[[ Extracted information, beginning ]]

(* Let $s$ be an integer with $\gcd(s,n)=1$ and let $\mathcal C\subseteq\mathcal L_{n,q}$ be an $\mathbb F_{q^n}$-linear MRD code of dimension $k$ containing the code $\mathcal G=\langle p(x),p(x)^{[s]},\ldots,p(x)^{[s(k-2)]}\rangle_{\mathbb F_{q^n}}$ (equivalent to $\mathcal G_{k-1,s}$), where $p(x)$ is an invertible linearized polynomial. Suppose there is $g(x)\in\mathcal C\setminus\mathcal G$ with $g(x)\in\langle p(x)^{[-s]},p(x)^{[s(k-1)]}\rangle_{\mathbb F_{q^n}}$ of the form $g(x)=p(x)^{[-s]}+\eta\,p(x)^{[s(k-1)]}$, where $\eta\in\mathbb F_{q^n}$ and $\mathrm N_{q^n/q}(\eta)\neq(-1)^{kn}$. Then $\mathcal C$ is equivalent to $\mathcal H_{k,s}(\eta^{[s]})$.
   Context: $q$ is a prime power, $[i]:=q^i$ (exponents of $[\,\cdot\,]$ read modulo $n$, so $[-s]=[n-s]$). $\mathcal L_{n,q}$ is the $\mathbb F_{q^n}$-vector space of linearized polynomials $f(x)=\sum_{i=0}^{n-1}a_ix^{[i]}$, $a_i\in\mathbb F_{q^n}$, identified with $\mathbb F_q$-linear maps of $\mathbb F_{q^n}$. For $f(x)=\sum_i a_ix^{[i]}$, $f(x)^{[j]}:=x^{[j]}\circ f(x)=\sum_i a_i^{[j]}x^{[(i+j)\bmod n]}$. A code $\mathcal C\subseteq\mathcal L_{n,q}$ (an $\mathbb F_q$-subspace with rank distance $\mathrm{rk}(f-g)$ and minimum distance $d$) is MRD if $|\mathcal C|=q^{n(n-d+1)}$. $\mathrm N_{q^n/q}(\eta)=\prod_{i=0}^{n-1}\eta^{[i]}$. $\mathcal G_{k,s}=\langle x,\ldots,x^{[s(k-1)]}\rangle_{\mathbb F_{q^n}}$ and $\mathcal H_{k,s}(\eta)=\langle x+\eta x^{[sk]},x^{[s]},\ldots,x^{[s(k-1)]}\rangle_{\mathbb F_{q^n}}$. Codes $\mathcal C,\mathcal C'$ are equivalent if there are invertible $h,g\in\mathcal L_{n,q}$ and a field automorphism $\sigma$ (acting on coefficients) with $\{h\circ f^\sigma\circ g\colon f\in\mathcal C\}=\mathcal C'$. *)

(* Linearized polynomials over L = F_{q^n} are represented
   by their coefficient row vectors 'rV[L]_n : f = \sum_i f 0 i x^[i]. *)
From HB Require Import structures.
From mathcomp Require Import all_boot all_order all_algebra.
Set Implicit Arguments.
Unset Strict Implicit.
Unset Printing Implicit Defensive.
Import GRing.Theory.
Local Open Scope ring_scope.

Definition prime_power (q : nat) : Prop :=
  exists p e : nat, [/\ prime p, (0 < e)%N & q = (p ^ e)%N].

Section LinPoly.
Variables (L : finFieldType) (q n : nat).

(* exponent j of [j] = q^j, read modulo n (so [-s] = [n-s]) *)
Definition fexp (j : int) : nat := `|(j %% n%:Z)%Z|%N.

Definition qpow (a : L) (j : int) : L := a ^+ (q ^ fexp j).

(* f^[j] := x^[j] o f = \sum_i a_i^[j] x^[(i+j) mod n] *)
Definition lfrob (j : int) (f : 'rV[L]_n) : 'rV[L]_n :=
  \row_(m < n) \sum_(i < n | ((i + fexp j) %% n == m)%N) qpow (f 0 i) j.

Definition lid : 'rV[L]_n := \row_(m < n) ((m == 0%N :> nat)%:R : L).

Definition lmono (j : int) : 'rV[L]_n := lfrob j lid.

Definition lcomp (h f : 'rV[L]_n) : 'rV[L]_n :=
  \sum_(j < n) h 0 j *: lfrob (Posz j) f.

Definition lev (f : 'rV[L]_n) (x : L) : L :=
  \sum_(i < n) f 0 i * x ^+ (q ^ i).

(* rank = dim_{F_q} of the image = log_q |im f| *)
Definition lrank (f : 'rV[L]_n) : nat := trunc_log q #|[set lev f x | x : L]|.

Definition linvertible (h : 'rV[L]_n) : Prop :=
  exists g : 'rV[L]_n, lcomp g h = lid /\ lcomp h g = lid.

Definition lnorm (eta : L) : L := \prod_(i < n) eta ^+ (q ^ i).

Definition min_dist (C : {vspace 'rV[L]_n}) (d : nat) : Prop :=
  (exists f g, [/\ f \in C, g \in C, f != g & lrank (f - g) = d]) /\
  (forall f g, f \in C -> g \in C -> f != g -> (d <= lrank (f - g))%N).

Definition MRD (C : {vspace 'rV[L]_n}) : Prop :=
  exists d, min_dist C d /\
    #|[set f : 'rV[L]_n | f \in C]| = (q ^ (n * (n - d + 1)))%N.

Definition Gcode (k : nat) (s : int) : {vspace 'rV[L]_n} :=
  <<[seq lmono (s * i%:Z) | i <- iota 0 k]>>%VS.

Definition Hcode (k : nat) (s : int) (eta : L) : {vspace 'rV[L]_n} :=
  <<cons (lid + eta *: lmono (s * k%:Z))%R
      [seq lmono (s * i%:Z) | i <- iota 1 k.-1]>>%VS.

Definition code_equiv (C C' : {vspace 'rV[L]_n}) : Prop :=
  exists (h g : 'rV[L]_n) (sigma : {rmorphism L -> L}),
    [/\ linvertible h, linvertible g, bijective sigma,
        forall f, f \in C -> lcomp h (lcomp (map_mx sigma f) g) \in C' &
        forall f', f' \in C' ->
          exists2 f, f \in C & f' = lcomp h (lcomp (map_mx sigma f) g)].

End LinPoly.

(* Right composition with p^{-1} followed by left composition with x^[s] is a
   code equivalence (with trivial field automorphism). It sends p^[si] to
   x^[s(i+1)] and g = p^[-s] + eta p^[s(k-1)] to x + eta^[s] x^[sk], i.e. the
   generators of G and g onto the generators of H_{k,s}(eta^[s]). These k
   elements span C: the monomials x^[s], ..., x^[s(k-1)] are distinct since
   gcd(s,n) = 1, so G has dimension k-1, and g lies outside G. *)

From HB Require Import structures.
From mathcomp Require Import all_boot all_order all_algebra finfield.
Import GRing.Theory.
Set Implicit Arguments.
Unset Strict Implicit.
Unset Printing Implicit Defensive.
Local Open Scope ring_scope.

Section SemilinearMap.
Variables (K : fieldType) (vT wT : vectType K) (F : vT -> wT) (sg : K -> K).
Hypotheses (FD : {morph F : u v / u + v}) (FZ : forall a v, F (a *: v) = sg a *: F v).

[[ Extracted information, end ]]

Write the material above out once more, exactly as it stands.

(* Let $s$ be an integer with $\gcd(s,n)=1$ and let $\mathcal C\subseteq\mathcal L_{n,q}$ be an $\mathbb F_{q^n}$-linear MRD code of dimension $k$ containing the code $\mathcal G=\langle p(x),p(x)^{[s]},\ldots,p(x)^{[s(k-2)]}\rangle_{\mathbb F_{q^n}}$ (equivalent to $\mathcal G_{k-1,s}$), where $p(x)$ is an invertible linearized polynomial. Suppose there is $g(x)\in\mathcal C\setminus\mathcal G$ with $g(x)\in\langle p(x)^{[-s]},p(x)^{[s(k-1)]}\rangle_{\mathbb F_{q^n}}$ of the form $g(x)=p(x)^{[-s]}+\eta\,p(x)^{[s(k-1)]}$, where $\eta\in\mathbb F_{q^n}$ and $\mathrm N_{q^n/q}(\eta)\neq(-1)^{kn}$. Then $\mathcal C$ is equivalent to $\mathcal H_{k,s}(\eta^{[s]})$.
   Context: $q$ is a prime power, $[i]:=q^i$ (exponents of $[\,\cdot\,]$ read modulo $n$, so $[-s]=[n-s]$). $\mathcal L_{n,q}$ is the $\mathbb F_{q^n}$-vector space of linearized polynomials $f(x)=\sum_{i=0}^{n-1}a_ix^{[i]}$, $a_i\in\mathbb F_{q^n}$, identified with $\mathbb F_q$-linear maps of $\mathbb F_{q^n}$. For $f(x)=\sum_i a_ix^{[i]}$, $f(x)^{[j]}:=x^{[j]}\circ f(x)=\sum_i a_i^{[j]}x^{[(i+j)\bmod n]}$. A code $\mathcal C\subseteq\mathcal L_{n,q}$ (an $\mathbb F_q$-subspace with rank distance $\mathrm{rk}(f-g)$ and minimum distance $d$) is MRD if $|\mathcal C|=q^{n(n-d+1)}$. $\mathrm N_{q^n/q}(\eta)=\prod_{i=0}^{n-1}\eta^{[i]}$. $\mathcal G_{k,s}=\langle x,\ldots,x^{[s(k-1)]}\rangle_{\mathbb F_{q^n}}$ and $\mathcal H_{k,s}(\eta)=\langle x+\eta x^{[sk]},x^{[s]},\ldots,x^{[s(k-1)]}\rangle_{\mathbb F_{q^n}}$. Codes $\mathcal C,\mathcal C'$ are equivalent if there are invertible $h,g\in\mathcal L_{n,q}$ and a field automorphism $\sigma$ (acting on coefficients) with $\{h\circ f^\sigma\circ g\colon f\in\mathcal C\}=\mathcal C'$. *)

(* Linearized polynomials over L = F_{q^n} are represented
   by their coefficient row vectors 'rV[L]_n : f = \sum_i f 0 i x^[i]. *)
From HB Require Import structures.
From mathcomp Require Import all_boot all_order all_algebra.
Set Implicit Arguments.
Unset Strict Implicit.
Unset Printing Implicit Defensive.
Import GRing.Theory.
Local Open Scope ring_scope.

Definition prime_power (q : nat) : Prop :=
  exists p e : nat, [/\ prime p, (0 < e)%N & q = (p ^ e)%N].

Section LinPoly.
Variables (L : finFieldType) (q n : nat).

(* exponent j of [j] = q^j, read modulo n (so [-s] = [n-s]) *)
Definition fexp (j : int) : nat := `|(j %% n%:Z)%Z|%N.

Definition qpow (a : L) (j : int) : L := a ^+ (q ^ fexp j).

(* f^[j] := x^[j] o f = \sum_i a_i^[j] x^[(i+j) mod n] *)
Definition lfrob (j : int) (f : 'rV[L]_n) : 'rV[L]_n :=
  \row_(m < n) \sum_(i < n | ((i + fexp j) %% n == m)%N) qpow (f 0 i) j.

Definition lid : 'rV[L]_n := \row_(m < n) ((m == 0%N :> nat)%:R : L).

Definition lmono (j : int) : 'rV[L]_n := lfrob j lid.

Definition lcomp (h f : 'rV[L]_n) : 'rV[L]_n :=
  \sum_(j < n) h 0 j *: lfrob (Posz j) f.

Definition lev (f : 'rV[L]_n) (x : L) : L :=
  \sum_(i < n) f 0 i * x ^+ (q ^ i).

(* rank = dim_{F_q} of the image = log_q |im f| *)
Definition lrank (f : 'rV[L]_n) : nat := trunc_log q #|[set lev f x | x : L]|.

Definition linvertible (h : 'rV[L]_n) : Prop :=
  exists g : 'rV[L]_n, lcomp g h = lid /\ lcomp h g = lid.

Definition lnorm (eta : L) : L := \prod_(i < n) eta ^+ (q ^ i).

Definition min_dist (C : {vspace 'rV[L]_n}) (d : nat) : Prop :=
  (exists f g, [/\ f \in C, g \in C, f != g & lrank (f - g) = d]) /\
  (forall f g, f \in C -> g \in C -> f != g -> (d <= lrank (f - g))%N).

Definition MRD (C : {vspace 'rV[L]_n}) : Prop :=
  exists d, min_dist C d /\
    #|[set f : 'rV[L]_n | f \in C]| = (q ^ (n * (n - d + 1)))%N.

Definition Gcode (k : nat) (s : int) : {vspace 'rV[L]_n} :=
  <<[seq lmono (s * i%:Z) | i <- iota 0 k]>>%VS.

Definition Hcode (k : nat) (s : int) (eta : L) : {vspace 'rV[L]_n} :=
  <<cons (lid + eta *: lmono (s * k%:Z))%R
      [seq lmono (s * i%:Z) | i <- iota 1 k.-1]>>%VS.

Definition code_equiv (C C' : {vspace 'rV[L]_n}) : Prop :=
  exists (h g : 'rV[L]_n) (sigma : {rmorphism L -> L}),
    [/\ linvertible h, linvertible g, bijective sigma,
        forall f, f \in C -> lcomp h (lcomp (map_mx sigma f) g) \in C' &
        forall f', f' \in C' ->
          exists2 f, f \in C & f' = lcomp h (lcomp (map_mx sigma f) g)].

End LinPoly.

(* Right composition with p^{-1} followed by left composition with x^[s] is a
   code equivalence (with trivial field automorphism). It sends p^[si] to
   x^[s(i+1)] and g = p^[-s] + eta p^[s(k-1)] to x + eta^[s] x^[sk], i.e. the
   generators of G and g onto the generators of H_{k,s}(eta^[s]). These k
   elements span C: the monomials x^[s], ..., x^[s(k-1)] are distinct since
   gcd(s,n) = 1, so G has dimension k-1, and g lies outside G. *)

From HB Require Import structures.
From mathcomp Require Import all_boot all_order all_algebra finfield.
Import GRing.Theory.
Set Implicit Arguments.
Unset Strict Implicit.
Unset Printing Implicit Defensive.
Local Open Scope ring_scope.

Section SemilinearMap.
Variables (K : fieldType) (vT wT : vectType K) (F : vT -> wT) (sg : K -> K).
Hypotheses (FD : {morph F : u v / u + v}) (FZ : forall a v, F (a *: v) = sg a *: F v).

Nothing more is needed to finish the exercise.